What should I do to make my second attempt softer?

Q. I am making swiss cheese for the second time. My first attempt was a 2 pound cheese from the recipe in your book, Home Cheese Making. I aged it at 46F, unwaxed for 3 months as the recipe recommended. I put a bowl of water on the shelf for humidity. The cheese had good flavor but was very hard, like a grating cheese. What should I do to make my second attempt softer?

A. This seems to be an issue of dehydration or perhaps just making the initial curd too dry before pressing. If you start with a cheese too dry, it will just get drier during aging. With too dry an aging environment, even a moist cheese may develop the dryness of a rock. You need to know what the actual moisture is in your aging space for better results hygrometer.

Thicker milk consistency?

Q. I am using raw milk that I heated a few degrees too high (90F) and then added the kefir culture that I got from you. I have had it out at room temperature (about 70F) overnight for 12 hours and it hasn't set to anything thicker than the milk consistency that it started with. Any suggestions?

A.  It may take a bit longer since it was heated to 90F. A big part of the kefir blend is yeast and the higher temperature is most likely going to affect it.

The raw milk itself may also have had a competitive culture. The supplier of this culture recommends heating any raw milk to 185F to avoid this. It's very important that your raw milk is clean and very fresh. Higher solids in the raw milk can also change the final product and take more time to complete.

The best way to determine if it's working is to look for a change in taste, or, better yet, to measure the acidity of the milk and compare it to the final product.

Have a cheese making question, we're here for you:

Meet a Fellow Cheese Maker

Claire Barker in Colorado

Years ago, our friend, Claire Barker sent us her tips for making goat milk yogurt and, then, a few weeks ago she wrote a detailed blog post for us about How to Milk a Goat.

We realized that, in all that time, we had never interviewed her and, well, that just wasn't acceptable!

We found out that Claire has been raising goats and making yogurt since the 1980's. She brought up her two children (now grown) on goat milk.

She describes herself as a "born again goat maniac" and we are very grateful to her for all the knowledge she has shared with us..  

News From Fellow Cheese Makers

Update from Mia

We would like to thank those of you who wrote and sent cards to Mia Herrera last month.

Her mother, Maureen was overwhelmed by your kindness and she shared every one of them with Mia. In fact, they are on the walls of her room.

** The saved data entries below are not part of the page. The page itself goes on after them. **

(* Let $\mathcal H$ be a complex Hilbert space of finite dimension $d\ge 2$. There is no quasi-probability representation $(\mu,\xi)$ of quantum theory on $\mathcal H$ (over any finite set $\Lambda$) that is non-negative, i.e. such that $\mu_\rho(\lambda)\ge 0$ for all $\rho\in\mathcal D(\mathcal H)$, $\lambda\in\Lambda$ and $\xi_E(\lambda)\in[0,1]$ for all $E\in\mathcal E(\mathcal H)$, $\lambda\in\Lambda$. Equivalently, every quasi-probability representation of quantum theory has negativity in its representation of states or of measurements (or both).
   Context: $\mathcal D(\mathcal H)$ denotes the set of density operators (positive semidefinite, trace one) on $\mathcal H$, $\mathcal E(\mathcal H)$ the set of effects (operators $E$ with $0\le E\le\mathbb 1$). A quasi-probability representation of quantum theory over a finite set $\Lambda$ is a pair of affine maps $\mu:\mathcal D(\mathcal H)\to\mathbb R^\Lambda$, $\rho\mapsto\mu_\rho$, and $\xi:\mathcal E(\mathcal H)\to\mathbb R^\Lambda$, $E\mapsto\xi_E$, such that for all $\rho\in\mathcal D(\mathcal H)$ and $E\in\mathcal E(\mathcal H)$: (a) $\mu_\rho(\lambda)\in\mathbb R$ and $\sum_{\lambda}\mu_\rho(\lambda)=1$; (b) $\xi_E(\lambda)\in\mathbb R$ and $\xi_{\mathbb 1}(\lambda)=1$ for all $\lambda$; (c) $\mathrm{Tr}(\rho E)=\sum_{\lambda\in\Lambda}\mu_\rho(\lambda)\xi_E(\lambda)$. *)

From HB Require Import structures.
From mathcomp Require Import all_boot all_order all_algebra.
Set Implicit Arguments. Unset Strict Implicit. Unset Printing Implicit Defensive.
Import Order.TTheory GRing.Theory Num.Theory.
Local Open Scope ring_scope.

(* The complex Hilbert space of dimension d is C^d (column vectors 'cV[C]_d),
   operators are d x d matrices over a numClosedFieldType C (e.g. the complex
   numbers); "real numbers" are the elements x of C with x \is Num.real. *)

Definition adjmx (C : numClosedFieldType) (m n : nat) (A : 'M[C]_(m, n)) : 'M[C]_(n, m) :=
  (map_mx Num.conj A)^T.

Definition psdmx (C : numClosedFieldType) (d : nat) (A : 'M[C]_d) : Prop :=
  adjmx A = A /\ forall v : 'cV[C]_d, 0 <= (adjmx v *m A *m v) 0 0.

Definition density (C : numClosedFieldType) (d : nat) (rho : 'M[C]_d) : Prop :=
  psdmx rho /\ \tr rho = 1.

Definition effect (C : numClosedFieldType) (d : nat) (E : 'M[C]_d) : Prop :=
  psdmx E /\ psdmx (1%:M - E).

(* (mu, xi) is a quasi-probability representation of quantum theory on C^d over
   the finite set Lambda.  Only the values of mu on D(H) and of xi on E(H) matter. *)
Definition quasi_prob_rep (C : numClosedFieldType) (d : nat) (Lambda : finType)
    (mu : 'M[C]_d -> Lambda -> C) (xi : 'M[C]_d -> Lambda -> C) : Prop :=
  (forall (r1 r2 : 'M[C]_d) (p : C), density r1 -> density r2 -> 0 <= p <= 1 ->
     forall l, mu (p *: r1 + (1 - p) *: r2) l = p * mu r1 l + (1 - p) * mu r2 l) /\
  (forall (E1 E2 : 'M[C]_d) (p : C), effect E1 -> effect E2 -> 0 <= p <= 1 ->
     forall l, xi (p *: E1 + (1 - p) *: E2) l = p * xi E1 l + (1 - p) * xi E2 l) /\
  (forall rho, density rho -> (forall l, mu rho l \is Num.real) /\ \sum_l mu rho l = 1) /\
  (forall E, effect E -> forall l, xi E l \is Num.real) /\
  (forall l, xi 1%:M l = 1) /\
  (forall rho E, density rho -> effect E -> \tr (rho *m E) = \sum_l mu rho l * xi E l).

Definition nonnegative_rep (C : numClosedFieldType) (d : nat) (Lambda : finType)
    (mu : 'M[C]_d -> Lambda -> C) (xi : 'M[C]_d -> Lambda -> C) : Prop :=
  (forall rho l, density rho -> 0 <= mu rho l) /\
  (forall E l, effect E -> 0 <= xi E l <= 1).

(** For a pure state [P] we have [tr (P P) = 1],
    so in a non-negative representation [sum_l mu_P(l) (1 - xi_P(l)) = 0] forces
    [xi_P(l) = 1] on the support of [mu_P].  Hence two pure states whose
    distributions [mu] have the same support satisfy [tr (P Q) = 1], i.e. they
    coincide.  But the states on the rays [e_0 + t e_1] (t in N) are pairwise
    distinct, while there are only finitely many possible supports. *)

From HB Require Import structures.
From mathcomp Require Import all_boot all_order all_algebra zify.
Set Implicit Arguments. Unset Strict Implicit. Unset Printing Implicit Defensive.
Import Order.TTheory GRing.Theory Num.Theory.
Local Open Scope ring_scope.

Section Adjoint.
Variable C : numClosedFieldType.

Lemma adjmxM (m n p : nat) (A : 'M[C]_(m, n)) (B : 'M[C]_(n, p)) :
  adjmx (A *m B) = adjmx B *m adjmx A.
Proof. by rewrite /adjmx map_mxM trmx_mul. Qed.

Lemma adjmxK (m n : nat) (A : 'M[C]_(m, n)) : adjmx (adjmx A) = A.
Proof. by apply/matrixP => i j; rewrite !mxE conjCK. Qed.

Lemma adjmxB (m n : nat) (A B : 'M[C]_(m, n)) : adjmx (A - B) = adjmx A - adjmx B.
Proof. by apply/matrixP => i j; rewrite !mxE rmorphB. Qed.

Lemma adjmxZ (m n : nat) (c : C) (A : 'M[C]_(m, n)) : adjmx (c *: A) = c^* *: adjmx A.
Proof. by apply/matrixP => i j; rewrite !mxE rmorphM. Qed.

Lemma adjmx1 (n : nat) : adjmx (1%:M : 'M[C]_n) = 1%:M.
Proof. by apply/matrixP => i j; rewrite !mxE rmorph_nat eq_sym. Qed.

End Adjoint.

Section PureStates.
Variables (C : numClosedFieldType) (d : nat).

Lemma psdmx_gram (k : nat) (M : 'M[C]_(d, k)) : psdmx (M *m adjmx M).
Proof.
split; first by rewrite adjmxM adjmxK.
move=> v; have -> : adjmx v *m (M *m adjmx M) *m v
                    = adjmx (adjmx M *m v) *m (adjmx M *m v).
  by rewrite adjmxM adjmxK !mulmxA.
rewrite mxE; apply: sumr_ge0 => i _; rewrite !mxE mulrC; exact: mul_conjC_ge0.
Qed.

Lemma psdmxZ (c : C) (A : 'M[C]_d) : 0 <= c -> psdmx A -> psdmx (c *: A).
Proof.
move=> c_ge0 [A_herm A_psd]; split.
  by rewrite adjmxZ A_herm conj_Creal // ger0_real.
by move=> v; rewrite -scalemxAr -scalemxAl mxE mulr_ge0.
Qed.

Lemma effect_projection (P : 'M[C]_d) :
  psdmx P -> P *m P = P -> effect P.
Proof.
move=> [P_herm P_psd] PP; split => //.
have -> : 1%:M - P = (1%:M - P) *m adjmx (1%:M - P).
  by rewrite adjmxB adjmx1 P_herm mulmxBl !mulmxBr !mul1mx mulmx1 PP subrr subr0.
exact: psdmx_gram.
Qed.

Section RankOneProjection.
Variables (w : 'cV[C]_d) (n : C).
Hypotheses (w_norm : adjmx w *m w = n%:M) (n_gt0 : 0 < n).

Definition rank1_proj : 'M[C]_d := n^-1 *: (w *m adjmx w).

Lemma rank1_proj_idem : rank1_proj *m rank1_proj = rank1_proj.
Proof.
rewrite /rank1_proj -scalemxAl -scalemxAr scalerA -mulmxA (mulmxA (adjmx w)).
by rewrite w_norm mul_scalar_mx -scalemxAr scalerA divfK // gt_eqF.
Qed.

Lemma rank1_proj_density : density rank1_proj.
Proof.
split; first by apply: psdmxZ; [rewrite invr_ge0 ltW | apply: psdmx_gram].
by rewrite mxtraceZ mxtrace_mulC w_norm mxtrace_scalar mulr1n mulVf // gt_eqF.
Qed.

Lemma rank1_proj_effect : effect rank1_proj.
Proof. exact: effect_projection (proj1 rank1_proj_density) rank1_proj_idem. Qed.

Lemma rank1_proj_pure : \tr (rank1_proj *m rank1_proj) = 1.
Proof. by rewrite rank1_proj_idem; case: rank1_proj_density. Qed.

End RankOneProjection.

Section Rays.
Variables (i0 i1 : 'I_d).
Hypothesis i01 : i0 != i1.

Definition ray (t : nat) : 'cV[C]_d :=
  \col_i (if i == i0 then 1 else if i == i1 then t%:R else 0).

Lemma ray_inner (s t : nat) : adjmx (ray s) *m ray t = (1 + s * t)%N%:R%:M.
Proof.
rewrite [LHS]mx11_scalar mxE (bigD1 i0) //= (bigD1 i1) 1?eq_sym //=.
rewrite big1 => [|j /andP [j_ne1 j_ne0]]; last first.
  by rewrite !mxE (negbTE j_ne0) (negbTE j_ne1) mulr0.
by rewrite !mxE eqxx eq_sym (negbTE i01) eqxx rmorph1 rmorph_nat mul1r addr0 natrD natrM.
Qed.

Lemma ray_norm_gt0 (t : nat) : 0 < (1 + t * t)%N%:R :> C.
Proof. by rewrite ltr0n add1n. Qed.

Definition ray_state (t : nat) : 'M[C]_d := rank1_proj (ray t) (1 + t * t)%N%:R.

Lemma ray_state_density (t : nat) : density (ray_state t).
Proof. exact: rank1_proj_density (ray_inner t t) (ray_norm_gt0 t). Qed.

Lemma ray_state_effect (t : nat) : effect (ray_state t).
Proof. exact: rank1_proj_effect (ray_inner t t) (ray_norm_gt0 t). Qed.

Lemma ray_state_pure (t : nat) : \tr (ray_state t *m ray_state t) = 1.
Proof. exact: rank1_proj_pure (ray_inner t t) (ray_norm_gt0 t). Qed.

Lemma tr_ray_state (s t : nat) :
  \tr (ray_state s *m ray_state t) =
  ((1 + s * t) ^ 2)%N%:R / ((1 + s * s) * (1 + t * t))%N%:R.
Proof.
rewrite /ray_state /rank1_proj -scalemxAl -scalemxAr scalerA mxtraceZ.
rewrite -mulmxA (mulmxA (adjmx (ray s))) ray_inner mul_scalar_mx -scalemxAr.
rewrite mxtraceZ mxtrace_mulC ray_inner mxtrace_scalar mulr1n (mulnC t s).
by rewrite natrM invfM natrX expr2 mulrC.
Qed.

Lemma ray_state_overlap_eq1 (s t : nat) :
  \tr (ray_state s *m ray_state t) = 1 -> s = t.
Proof.
have den_neq0 : ((1 + s * s) * (1 + t * t))%N%:R != 0 :> C.
  by rewrite pnatr_eq0 muln_eq0 negb_or !add1n.
rewrite tr_ray_state => /eqP.
by rewrite (can2_eq (mulfVK den_neq0) (mulfK den_neq0)) mul1r eqr_nat => /eqP; nia.
Qed.

End Rays.
End PureStates.

Section NonNegativeRepresentation.
Variables (C : numClosedFieldType) (d : nat) (Lambda : finType).
Variables (mu xi : 'M[C]_d -> Lambda -> C).
Hypothesis mu_sum1 : forall rho, density rho -> \sum_l mu rho l = 1.
Hypothesis born_rule : forall rho E, density rho -> effect E ->
  \tr (rho *m E) = \sum_l mu rho l * xi E l.
Hypothesis mu_ge0 : forall rho l, density rho -> 0 <= mu rho l.
Hypothesis xi_le1 : forall E l, effect E -> xi E l <= 1.

Lemma pure_xi_eq1 (P : 'M[C]_d) (l : Lambda) :
  density P -> effect P -> \tr (P *m P) = 1 -> 0 < mu P l -> xi P l = 1.
Proof.
move=> PD PE P_pure mu_gt0.
have defect_ge0 l' : 0 <= mu P l' * (1 - xi P l').
  by rewrite mulr_ge0 ?mu_ge0 // subr_ge0 xi_le1.
have defect_sum0 : \sum_l' mu P l' * (1 - xi P l') = 0.
  under eq_bigr do rewrite mulrBr mulr1.
  by rewrite sumrB -born_rule // P_pure mu_sum1 // subrr.
have /eqP := @psumr_eq0P _ _ _ _ (fun l' _ => defect_ge0 l') defect_sum0 l isT.
by rewrite mulf_eq0 (gt_eqF mu_gt0) subr_eq0 => /eqP.
Qed.

Lemma born_eq1_of_support_sub (P Q : 'M[C]_d) :
  density P -> density Q -> effect Q -> \tr (Q *m Q) = 1 ->
  (forall l, 0 < mu P l -> 0 < mu Q l) -> \tr (P *m Q) = 1.
Proof.
move=> PD QD QE Q_pure supp_sub.
rewrite born_rule // -(mu_sum1 PD); apply: eq_bigr => l _.
have : 0 <= mu P l by exact: mu_ge0.
rewrite le0r => /orP [/eqP -> | mu_gt0]; first by rewrite mul0r.
by rewrite pure_xi_eq1 ?mulr1 ?supp_sub.
Qed.

End NonNegativeRepresentation.

Theorem theorem2 (C : numClosedFieldType) (d : nat) (hd : (2 <= d)%N)
    (Lambda : finType) (mu : 'M[C]_d -> Lambda -> C) (xi : 'M[C]_d -> Lambda -> C) :
  quasi_prob_rep mu xi -> ~ nonnegative_rep mu xi.
Proof.
move=> [_ [_ [mu_norm [_ [_ born_rule]]]]] [mu_ge0 xi_01].
have mu_sum1 rho : density rho -> \sum_l mu rho l = 1 by case/mu_norm.
have xi_le1 E l : effect E -> xi E l <= 1 by move=> /(xi_01 _ l)/andP [].
pose i0 : 'I_d := Ordinal (ltnW hd); pose i1 : 'I_d := Ordinal hd.
pose P := ray_state C i0 i1.
pose support (t : 'I_#|{set Lambda}|.+1) := [set l | 0 < mu (P t) l].
have /injectivePn [s [t s_ne_t same_support]] : ~~ injectiveb support.
  by apply/injectiveP => /leq_card; rewrite card_ord ltnn.
apply/negP: s_ne_t; rewrite negbK -val_eqE; apply/eqP.
apply: (ray_state_overlap_eq1 (i0 := i0) (i1 := i1)) => //.
apply: (born_eq1_of_support_sub mu_sum1 born_rule) => //;
  [exact: ray_state_density | exact: ray_state_density |
   exact: ray_state_effect | exact: ray_state_pure |].
move=> l mu_gt0; have : l \in support s by rewrite inE.
by rewrite same_support inE.
Qed.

(We always say that cheese makers are the "Best in the West!")

Now for some very good news - Mia is scheduled to go home August 7th! She is walking unassisted and fast enough to leave her therapists and her family in the dust.

We knew that Mia would have the will to overcome any obstacle, and, she is doing just that. We've said it before and we will say it again - You go girl!!!

News From the Garneaus in Ottawa

From Claude:

Just thought I'd send you a picture of our latest "adaptation" for the cheesery.

After trying several systems to heat the water in Linda's vat, I picked up a propane tankless water heater, and coupled it with a low output hot water-rated pump (3 gallon per minute).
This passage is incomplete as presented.